[Saved data entries]
+---+
(* Let $(X,M)$ be an intrinsic Möbius space and let $d$ be a (possibly extended) quasi-metric on $X$ that induces $M$. Let $d'$ be either a rescaling $d'=\lambda d$ ($\lambda>0$) of $d$ or the involution $d'=d_o$ of $d$ at a point $o\in X$ which is not the point at infinity of $d$. Then $\dim_{Haus}(X,d)=\dim_{Haus}(X,d')$. In particular, setting $\dim_{Haus}(X,M):=\dim_{Haus}(X,d)$ for any quasi-metric $d$ inducing $M$ gives a well-defined quantity, and if $f:(X,M)\to(X',M')$ is a Möbius equivalence between intrinsic Möbius spaces, then $\dim_{Haus}(X,M)=\dim_{Haus}(X',M')$.
   Context: Let $X$ be a set with at least three points. A semi-metric is a symmetric map $d:X\times X\to[0,\infty)$ with $d(x,y)=0\iff x=y$. An extended semi-metric is a map $d:X\times X\to[0,\infty]$, symmetric with $d(x,y)=0\iff x=y$, for which there is exactly one point $\infty\in X$ (the point at infinity) with $d(x,\infty)=\infty$ for $x\neq\infty$ and $d(x,y)<\infty$ for $x,y\neq\infty$. For $K\ge1$, a (possibly extended) $K$-quasi-metric is a (possibly extended) semi-metric with $d(x,y)\le K\max(d(x,z),d(z,y))$ for all $x,y,z$; a quasi-metric is a $K$-quasi-metric for some $K$. Admissible quadruples $\mathcal A_4$: quadruples in $X^4$ in which no point appears more than twice; non-degenerate means all entries distinct. Let $\overline\Delta=\{(a:b:c)\in\mathbb RP^2: a,b,c>0\}\cup\{(1:1:0),(1:0:1),(0:1:1)\}$. The cross-ratio triple of $d$ is $crt_d(wxyz)=(d(w,x)d(y,z):d(w,y)d(z,x):d(w,z)d(x,y))$, where infinite distances cancel: $crt_d(\infty xyz)=(d(y,z):d(z,x):d(x,y))$, $crt_d(\infty\infty yz)=(0:1:1)$, and analogously for permutations. Let $L_4=\{(x,y,z)\in\mathbb R^3:x+y+z=0\}$, $\overline{L_4}=L_4\cup\{(0,\infty,-\infty),(-\infty,0,\infty),(\infty,-\infty,0)\}$, and $\overline\Phi:\overline\Delta\to\overline{L_4}$, $(a:b:c)\mapsto(\ln(b/c),\ln(c/a),\ln(a/b))$, extended by $(1:1:0)\mapsto(\infty,-\infty,0)$, $(1:0:1)\mapsto(-\infty,0,\infty)$, $(0:1:1)\mapsto(0,\infty,-\infty)$. Let $\varphi:\mathcal S_4\to\mathcal S_3$ be the homomorphism given by the induced permutation of the triple $((12)(34),(13)(42),(14)(23))$; $\mathcal S_3$ acts on $\overline{L_4}$ by permuting coordinates. A generalized Möbius structure is a map $M:\mathcal A_4\to\overline{L_4}$ such that: (1) $M(\pi P)=\mathrm{sgn}(\pi)\varphi(\pi)M(P)$ for all $P\in\mathcal A_4$, $\pi\in\mathcal S_4$; (2) $M(P)\in L_4$ iff $P$ is non-degenerate; (3) $M(xxyz)=(0,\infty,-\infty)$; (4) for every admissible 5-tuple $(x,y,\omega,\alpha,\beta)$ with $(\omega,\alpha,\beta)$ non-degenerate, $\alpha\ne x\ne\beta$, $\alpha\ne y\ne\beta$, there is $\lambda\in\mathbb R\cup\{\pm\infty\}$ with $M(\alpha x\omega\beta)+M(\alpha\omega y\beta)-M(\alpha xy\beta)=(\lambda,-\lambda,0)$; moreover the first component of the left side is well defined when $x\neq\beta$, $y\ne\alpha$, and the second when $x\ne\alpha$, $y\ne\beta$. Write $crt=\overline\Phi^{-1}\circ M$. A semi-metric $d$ induces $M$ if $crt=crt_d$. $M$ is intrinsic (and $(X,M)$ an intrinsic Möbius space) if moreover the closure of the image of $crt$ in $\mathbb RP^2$ contains none of $(1:0:0),(0:1:0),(0:0:1)$. A Möbius equivalence $f:(X,M)\to(X',M')$ is a bijection with $M'(f(w)f(x)f(y)f(z))=M(wxyz)$ for all admissible quadruples. Involution: for a (possibly extended) quasi-metric $d$ and $o\in X$ other than the point at infinity, $d_o(x,x)=0$, $d_o(x,y)=\frac{d(x,y)}{d(x,o)d(o,y)}$ for distinct $x,y\ne\infty$, $d_o(\infty,y)=1/d(o,y)$ and $d_o(x,\infty)=1/d(x,o)$ for the respective distinct points, with the convention $\lambda/0=\infty$ for $\lambda>0$. Hausdorff dimension of a (possibly extended) quasi-metric space $(X,d)$: $B_r(x)=\{y:d(x,y)\le r\}$; a $\delta$-cover of a set is a cover by closed balls $B_{r_i}(x_i)$ with $r_i\le\delta$. For $A\subseteq X$, $s\ge0$: $\mu^s_{\delta,d}(A)=\inf\{\sum_i r_i^s:\{B_{r_i}(x_i)\}\text{ a }\delta\text{-cover of }A\setminus\{\infty\}\}$, $\mu^s_d(A)=\lim_{\delta\to0}\mu^s_{\delta,d}(A)$, and $\dim_{Haus}(X,d)=\inf\{s\in\mathbb R:\mu^s_d(X)=0\}$. *)

From HB Require Import structures.
From mathcomp Require Import all_boot all_order all_algebra all_fingroup.
From mathcomp Require Import all_classical all_reals all_analysis.
Set Implicit Arguments. Unset Strict Implicit. Unset Printing Implicit Defensive.
Import Order.TTheory GRing.Theory Num.Theory.
Import numFieldTopology.Exports.
Local Open Scope classical_set_scope.
Local Open Scope ring_scope.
+---+
● **WHAT NEEDS TO BE DONE**
Copy out each line of the entries where the word "From" is found.

● **WRITTEN RESPONSE**
From HB Require Import structures.
From mathcomp Require Import all_boot all_order all_algebra all_fingroup.
From mathcomp Require Import all_classical all_reals all_analysis.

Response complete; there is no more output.